Unnamed: 0,sepal_length,sepal_width,petal_length,petal_width,species
0,5.1,3.5,1.4,0.2,setosa
1,4.9,3.0,1.4,0.2,setosa
2,4.7,3.2,1.3,0.2,setosa
3,4.6,3.1,1.5,0.2,setosa
4,5.0,3.6,1.4,0.2,setosa


In [3]:
#split the data
from sklearn.model_selection import train_test_split
X_train, X_test,y_train, y_test = train_test_split(
                                    df_clf.drop(['species'],axis=1),
                                    df_clf['species'],
                                    test_size=0.2,
                                    random_state=101
                                    )

print("* Train set:", X_train.shape, y_train.shape, "\n* Test set:", X_test.shape, y_test.shape)

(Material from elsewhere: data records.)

(* Let $n\ge 2$ and let $P=(P_1,\dots,P_t)$ be a partition of $\{1,\dots,n+1\}$; put $n_i=|P_i|$ and, for $u\ge 1$, let $m_u$ be the number of parts of size $u$. Then $$|Aut({\cal K}(P))|=\Big(\prod_{i=1}^t (n_i+1)!\Big)\prod_{u\ge 1} m_u!\,.$$
   Context: For a partition $P=(P_1,\dots,P_t)$ of $\{1,\dots,n+1\}$, ${\cal K}(P)$ is the simplicial complex on the vertex set $\{1,\dots,n+1\}\cup\{p_1,\dots,p_t\}$ ($t$ new vertices) whose $n$-faces are the sets $\{y_1,\dots,y_{n+1}\}$ with, for each $i$, $y_i=i$ or $y_i=p_j$ where $i\in P_j$, subject to the $y_i$ being pairwise distinct; its faces are all nonempty subsets of these. $Aut({\cal K})$ is the group of permutations of the vertices of ${\cal K}$ mapping the set of faces onto itself. *)

From mathcomp Require Import all_boot all_fingroup.
Set Implicit Arguments. Unset Strict Implicit. Unset Printing Implicit Defensive.

(* The complex K(P) for n+1 original vertices ('I_n.+1, i.e. {1..n+1} shifted
   to {0..n}) and a partition into t parts given by a surjective labelling
   f : 'I_n.+1 -> 'I_t (part P_j = f^-1(j)).  Vertices: inl i = original
   vertex i, inr j = new vertex p_j. *)
Definition vert (n t : nat) := ('I_n.+1 + 'I_t)%type.
(* For $(F,t)\in U$, let $Y=Y_{F,t}$. Then for $i=1,2$ the cone $\hat C_i$ over $C_i$ with vertex $p_0=[0,\dots,0,1]$ is contained in $Y$.
   Context: $U=U_0\times\mathbb{A}^1$, where $U_0$ is the space of cubic forms $F(x_0,\dots,x_3)$ such that the curve cut out by $F$ on the quadric $x_0x_3=x_1x_2$ in $\mathbb{P}^3$ is smooth, avoids $[0,0,0,1]$, and is tangent with multiplicity $2$ to the lines $x_0=x_1=0$ and $x_0=x_2=0$. $Y_{F,t}\subset\mathbb{P}^5$ is the cubic fourfold $x_4^3-F(x_0,\dots,x_3)+x_5(x_0x_3-x_1x_2)+t\,x_0x_5^2=0$. $C_i\subset\mathbb{P}^5$ is the plane cubic $(x_0=x_i=x_5=0)\cap(x_4^3=F(x_0,\dots,x_3))$. *)

From HB Require Import structures.
From mathcomp Require Import all_boot all_order all_algebra all_field.
From mathcomp Require Import mpoly.
Set Implicit Arguments. Unset Strict Implicit. Unset Printing Implicit Defensive.
Import Order.TTheory GRing.Theory Num.Theory.
Local Open Scope ring_scope.

(* Ground field: the complex numbers, represented by algC (algebraically
   closed of characteristic 0). Points of P^3 / P^5 are represented by
   nonzero coordinate vectors 'I_4 -> algC / 'I_6 -> algC. *)

Definition cubic_form (F : {mpoly algC[4]}) : Prop :=
  F \in [in algC[4], 3.-homog].

Definition quadQ : {mpoly algC[4]} :=
  'X_0 * 'X_3 - 'X_1 * 'X_2.

Definition vec4 (a b c d : algC) : 'I_4 -> algC :=
  fun i => nth 0 [:: a; b; c; d] i.

Definition nonzero4 (p : 'I_4 -> algC) : Prop := exists i, p i != 0.

Definition grad (G : {mpoly algC[4]}) (p : 'I_4 -> algC) : 'I_4 -> algC :=
  fun i => (mderiv i G).@[p].

Definition lin_indep4 (u v : 'I_4 -> algC) : Prop :=
  forall a b : algC, (forall i, a * u i + b * v i = 0) -> a = 0 /\ b = 0.

Definition smooth_curve_on_quadric (F : {mpoly algC[4]}) : Prop :=
  forall p : 'I_4 -> algC, nonzero4 p ->
    quadQ.@[p] = 0 -> F.@[p] = 0 -> lin_indep4 (grad quadQ p) (grad F p).

Definition avoids_e3 (F : {mpoly algC[4]}) : Prop :=
  F.@[vec4 0 0 0 1] != 0.

(* A binary cubic g (given as a function of homogeneous coordinates (u,v)
   on a line) has intersection multiplicity exactly 2 at some point and 1 at
   another: g = k * l^2 * m with l, m non-proportional linear forms. *)
Definition tangent_mult2 (g : algC -> algC -> algC) : Prop :=
  exists (k a b c d : algC), k != 0 /\ a * d - b * c != 0 /\
    forall u v, g u v = k * (b * u - a * v) ^+ 2 * (d * u - c * v).

Definition in_U0 (F : {mpoly algC[4]}) : Prop :=
  [/\ cubic_form F, smooth_curve_on_quadric F, avoids_e3 F,
      (* tangency to the line x0 = x1 = 0 (parametrized by [0,0,u,v]) *)
      tangent_mult2 (fun u v => F.@[vec4 0 0 u v]) &
      (* tangency to the line x0 = x2 = 0 (parametrized by [0,u,0,v]) *)
      tangent_mult2 (fun u v => F.@[vec4 0 u 0 v])].

Definition nonzero6 (z : 'I_6 -> algC) : Prop := exists i, z i != 0.

Definition c6 (k : nat) (z : 'I_6 -> algC) : algC := z (inord k).

Definition Y_eq (F : {mpoly algC[4]}) (t : algC) (z : 'I_6 -> algC) : algC :=
  c6 4 z ^+ 3 - F.@[vec4 (c6 0 z) (c6 1 z) (c6 2 z) (c6 3 z)]
  + c6 5 z * (c6 0 z * c6 3 z - c6 1 z * c6 2 z)
  + t * c6 0 z * c6 5 z ^+ 2.

Definition in_Y (F : {mpoly algC[4]}) (t : algC) (z : 'I_6 -> algC) : Prop :=
  nonzero6 z /\ Y_eq F t z = 0.

Definition in_C (F : {mpoly algC[4]}) (i : nat) (z : 'I_6 -> algC) : Prop :=
  [/\ nonzero6 z, c6 0 z = 0, c6 i z = 0, c6 5 z = 0 &
      c6 4 z ^+ 3 = F.@[vec4 (c6 0 z) (c6 1 z) (c6 2 z) (c6 3 z)]].

Definition p0 : 'I_6 -> algC := fun j => if val j == 5%N then 1 else 0.

Definition in_cone (C : ('I_6 -> algC) -> Prop) (p z : 'I_6 -> algC) : Prop :=
  nonzero6 z /\ exists (c : 'I_6 -> algC) (lam mu : algC),
    C c /\ forall j, z j = lam * c j + mu * p j.

(* On the cone over C_i with vertex p0 = [0:...:0:1] we have x0 = x_i = 0, so
   both terms of Y involving x5, namely x5 (x0 x3 - x1 x2) and t x0 x5^2,
   vanish.  What remains, x4^3 - F(x0,...,x3), is a cubic form in x0,...,x4
   only; these coordinates of a point lam c + mu p0 of the cone are lam times
   those of c in C_i, where the form vanishes by definition of C_i. *)

From HB Require Import structures.
From mathcomp Require Import all_boot all_order all_algebra all_field.
From mathcomp Require Import mpoly.
Set Implicit Arguments. Unset Strict Implicit. Unset Printing Implicit Defensive.
Local Open Scope ring_scope.
Import GRing.Theory.

Lemma meval_scale_dhomog (R : comNzRingType) (n d : nat) (p : {mpoly R[n]})
    (lam : R) (v : 'I_n -> R) :
  p \is d.-homog -> p.@[fun i => lam * v i] = lam ^+ d * p.@[v].
Proof.
move=> /dhomogP homp; rewrite !mevalE big_distrr /=.
apply: eq_big_seq => m /homp degm; rewrite /= mdegE in degm.
under eq_bigr do rewrite exprMn.
by rewrite big_split /= prodrXr degm mulrCA.
Qed.

Lemma vec4_scale (lam a b c d : algC) :
  vec4 (lam * a) (lam * b) (lam * c) (lam * d) =1
  (fun j => lam * vec4 a b c d j).
Proof. by case=> [[|[|[|[|j]]]] ?] //=; rewrite mulr0. Qed.

Lemma c6_cone_p0 (z c : 'I_6 -> algC) (lam mu : algC) (k : nat) :
  (forall j, z j = lam * c j + mu * p0 j) -> (k < 5)%N ->
  c6 k z = lam * c6 k c.
Proof.
move=> defz k_lt5; rewrite /c6 defz /p0 /= inordK; last exact: ltnW.
by rewrite (ltn_eqF k_lt5) mulr0 addr0.
Qed.

Lemma Y_eq_x0_x1x2_eq0 (F : {mpoly algC[4]}) (t : algC) (z : 'I_6 -> algC) :
  c6 0 z = 0 -> c6 1 z * c6 2 z = 0 ->
  Y_eq F t z = c6 4 z ^+ 3 - F.@[vec4 (c6 0 z) (c6 1 z) (c6 2 z) (c6 3 z)].
Proof.
move=> z0 z12; rewrite /Y_eq z12 [in c6 0 z * _]z0 [in t * _]z0.
by rewrite mul0r subrr !mulr0 mul0r !addr0.
Qed.

Theorem lemma5p3 (F : {mpoly algC[4]}) (t : algC) :
  in_U0 F ->
  forall i : nat, (i = 1%N \/ i = 2%N) ->
  forall z : 'I_6 -> algC, in_cone (in_C F i) p0 z -> in_Y F t z.
Proof.
move=> [cubicF _ _ _ _] i i12 z [nz_z [c [lam [mu [[_ c0 ci _ c4] defz]]]]].
split=> //.
have zk k : (k < 5)%N -> c6 k z = lam * c6 k c by exact: c6_cone_p0.
have z0 : c6 0 z = 0 by rewrite zk // c0 mulr0.
have z12 : c6 1 z * c6 2 z = 0.
  by rewrite !zk //; case: i12 ci => -> ->; rewrite mulr0 ?mul0r ?mulr0.
rewrite Y_eq_x0_x1x2_eq0 // !zk // (meval_eq _ (vec4_scale _ _ _ _ _)).
by rewrite (meval_scale_dhomog lam _ cubicF) -c4 exprMn subrr.
Qed.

* Train set: (120, 4) (120,) 
* Test set: (30, 4) (30,)


We create a pipeline using three steps: feature scaling, feature selection and modelling with RandomForestClassifier.

In [4]:
from sklearn.pipeline import Pipeline
from sklearn.preprocessing import StandardScaler
from sklearn.feature_selection import SelectFromModel
from sklearn.ensemble import RandomForestClassifier

def pipeline_clf():
  pipeline = Pipeline([
      ( "feat_scaling",StandardScaler() ),
      ( "feat_selection",SelectFromModel(RandomForestClassifier(random_state=101)) ),
      ( "model", RandomForestClassifier(random_state=101)),

    ])

  return pipeline


We define our hyperparameter list based on the algorithm documentation.

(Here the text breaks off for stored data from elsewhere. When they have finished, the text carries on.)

(* Let $n\ge2$, $m\ge1$, $\lambda_0\ne0$, $\lambda_1>0$, $\lambda_2\ge0$, $\omega\in\mathbb{R}$, and run a PIFO algorithm with initial point $x_0=0$ and sampling probabilities $(p_1,\dots,p_n)$ on the components $f_i=r_i(\cdot;\lambda_0,\lambda_1,\lambda_2,m,\omega)$, $i=1,\dots,n$. Define $T_0=0$ and, for $k\ge1$, $T_k=\min\{t:t>T_{k-1},\ i_t\equiv k\pmod n\}$. Then for every $1\le k\le m$ and every $t<T_k$ we have $x_t\in\mathcal{F}_{k-1}$. Moreover, for every $k\ge1$, $T_k=\sum_{l=1}^kY_l$ where $Y_1,\dots,Y_k$ are independent and $Y_l$ is geometrically distributed with success probability $q_l=p_{l'}$, where $l'\in\{1,\dots,n\}$ and $l'\equiv l\pmod n$ (a geometric variable with success probability $0$ is $+\infty$ almost surely).
   Context: For $\omega\in\mathbb{R}$, $B(m,\omega)\in\mathbb{R}^{m\times m}$ is the matrix whose row $l$, for $1\le l\le m-1$, has entry $-1$ in column $m-l$ and entry $1$ in column $m-l+1$, and whose row $m$ is $\omega e_1^\top$; $b_l(m,\omega)^\top$ is its $l$-th row. $\mathcal{L}_i=\{l:1\le l\le m,\ l\equiv i-1\pmod n\}$. $r_1(x)=\lambda_1\sum_{l\in\mathcal{L}_1}(b_l(m,\omega)^\top x)^2+\lambda_2\|x\|_2^2-\lambda_0\langle e_m,x\rangle$ and $r_i(x)=\lambda_1\sum_{l\in\mathcal{L}_i}(b_l(m,\omega)^\top x)^2+\lambda_2\|x\|_2^2$ for $i\ge2$, $x\in\mathbb{R}^m$. $\mathcal{F}_0=\{0\}$, $\mathcal{F}_k=\mathrm{span}\{e_m,\dots,e_{m-k+1}\}$. A random variable $Y$ is geometric with success probability $p$ if $\mathbb{P}(Y=s)=(1-p)^{s-1}p$ for $s=1,2,\dots$. For $\gamma>0$, $\mathrm{prox}^{\gamma}_g(x)=\arg\min_u\{g(u)+\frac{1}{2\gamma}\|x-u\|_2^2\}$. PIFO algorithm: a probability vector $(p_1,\dots,p_n)$, initial point $x_0$, parameters $\gamma_t>0$; indices $i_1,i_2,\dots$ drawn independently with $\mathbb{P}(i_t=j)=p_j$; iterates $x_t\in\mathrm{span}\{x_0,\dots,x_{t-1},\nabla f_{i_1}(x_0),\dots,\nabla f_{i_t}(x_{t-1}),\mathrm{prox}^{\gamma_1}_{f_{i_1}}(x_0),\dots,\mathrm{prox}^{\gamma_t}_{f_{i_t}}(x_{t-1})\}$ for $t\ge1$. *)

From Stdlib Require Import Reals Lra Lia Arith List ClassicalEpsilon.
Open Scope R_scope.

(* Vectors of R^m are represented as functions nat -> R; only the
   coordinates 1..m are meaningful (everything below only looks at them). *)

Fixpoint sumR (n : nat) (f : nat -> R) : R :=
  match n with O => 0 | S n' => sumR n' f + f n end.

Fixpoint prodR (n : nat) (f : nat -> R) : R :=
  match n with O => 1 | S n' => prodR n' f * f n end.

Fixpoint sumN (n : nat) (s : nat -> nat) : nat :=
  match n with O => O | S n' => (sumN n' s + s n)%nat end.

(* b_l(m,omega)^T x : row l of B(m,omega) applied to x, for 1 <= l <= m.
   Rows l < m: -1 in column m-l, +1 in column m-l+1; row m: omega e_1^T. *)
Definition bdot (m : nat) (omega : R) (l : nat) (x : nat -> R) : R :=
  if Nat.ltb l m then x (m - l + 1)%nat - x (m - l)%nat else omega * x 1%nat.

(* r_i(x; lam0, lam1, lam2, m, omega); L_i = {l in 1..m | l = i-1 mod n}. *)
Definition r (n m : nat) (omega lam0 lam1 lam2 : R) (i : nat) (x : nat -> R) : R :=
  lam1 * sumR m (fun l => if Nat.eqb (l mod n) ((i - 1) mod n)
                          then (bdot m omega l x) ^ 2 else 0)
  + lam2 * sumR m (fun j => x j ^ 2)
  - (if Nat.eqb i 1 then lam0 * x m else 0).

Definition normsq (m : nat) (v : nat -> R) : R := sumR m (fun j => v j ^ 2).

Definition is_grad (m : nat) (f : (nat -> R) -> R) (x g : nat -> R) : Prop :=
  forall j, (1 <= j <= m)%nat ->
    derivable_pt_lim (fun s => f (fun k => if Nat.eqb k j then x k + s else x k)) 0 (g j).

Definition is_prox (m : nat) (f : (nat -> R) -> R) (gam : R) (x u : nat -> R) : Prop :=
  forall v : nat -> R,
    f u + / (2 * gam) * normsq m (fun j => x j - u j)
    <= f v + / (2 * gam) * normsq m (fun j => x j - v j).

(* v lies in span{x_0..x_{t-1}, G_1..G_t, P_1..P_t} (in R^m) *)
Definition in_span (m t : nat) (x G P : nat -> nat -> R) (v : nat -> R) : Prop :=
  exists a b c : nat -> R, forall j, (1 <= j <= m)%nat ->
    v j = sumR t (fun s => a s * x (s - 1)%nat j + b s * G s j + c s * P s j).

(* x in F_k = span{e_m, ..., e_{m-k+1}} (for k <= m) *)
Definition inF (m k : nat) (x : nat -> R) : Prop :=
  forall j, (1 <= j <= m - k)%nat -> x j = 0.

(* IsT i n k T : the hitting time T_k (defined from the index sequence i)
   is finite and equals T.  T_0 = 0,
   T_k = min{ t > T_{k-1} | i_t = k mod n }. *)
Inductive IsT (i : nat -> nat) (n : nat) : nat -> nat -> Prop :=
| IsT0 : IsT i n 0 0
| IsTS : forall k T T', IsT i n k T -> (T < T')%nat ->
    (i T' mod n = S k mod n)%nat ->
    (forall t, (T < t < T')%nat -> (i t mod n <> S k mod n)%nat) ->
    IsT i n (S k) T'.

(* q_l = p_{l'}, l' in 1..n, l' = l mod n (for l >= 1) *)
Definition q (n : nat) (p : nat -> R) (l : nat) : R := p (S ((l - 1) mod n)).

Definition indic (P : Prop) : R :=
  if excluded_middle_informative P then 1 else 0.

* In this case, there will be two hyperparameter combinations.
* We will reduce the number of hyperparameter combinations so the code runs faster. (purely for example) 

In [5]:
# https://scikit-learn.org/stable/modules/generated/sklearn.ensemble.RandomForestClassifier.html
from sklearn.model_selection import GridSearchCV

param_grid = {"model__n_estimators":[10,20],
              }
param_grid

{'model__n_estimators': [10, 20]}

For this project we are interested particularly in the Virginica species and we need the predictions for this class to be precise. This is an arbitrary choice, however, it is an example of the type of business requirements given to you by the product owner or business expert.

* In this case, your scoring parameter is precision_score to the class Virginica.
* In a Multiclass classification, when your performance metric is accuracy, you just pass scoring='accuracy' as an argument, as done with a binary classifier.
* In our case, we need to pass arguments to the make_scorer() method to fine-tune the model using precision on the Virginica species. We pass to make_scorer as an argument the metric we want - precision_score. The next argument is labels, where you set the class you want to tune as a list. Note that in this dataset, the species is not encoded as numbers but as categories. If it were numbers, you would pass the number related to the class you want to tune. The last argument is average, and it should equal None since you compute the precision from one class only (in this case Virginica) and you don't need to average.
* Finally, you fit the grid search to the training data.

In [None]:
# Define the grid search and fit it to the training data showing precision for the Virginica species


from sklearn.metrics import make_scorer, precision_score
grid = GridSearchCV(estimator=pipeline_clf(),
                    param_grid=param_grid,
                    cv=2,
                    n_jobs=-2,
                    verbose=3, # In the workplace we typically set verbose to 1, 
                    # to reduce the number of messages when fitting the models.
                    # For teaching purposes, we set it to 3 to see the score for each cross-validated model.
                    scoring=make_scorer(precision_score,
                                        labels=['virginica'],
                                        average=None)
                    )


grid.fit(X_train,y_train)

Fitting 2 folds for each of 2 candidates, totalling 4 fits


In [None]:
#display the results
# Print per-fold scores in GridSearchCV verbose style
# for i, params in enumerate(grid.cv_results_['params']):
#     for fold in range(grid.cv):
#         score = grid.cv_results_[f'split{fold}_test_virginica_precision'][i]
#         print(f"[CV {fold+1}/{grid.cv}] END {', '.join([f'{k}={v}' for k, v in params.items()])}; score={score:.3f}")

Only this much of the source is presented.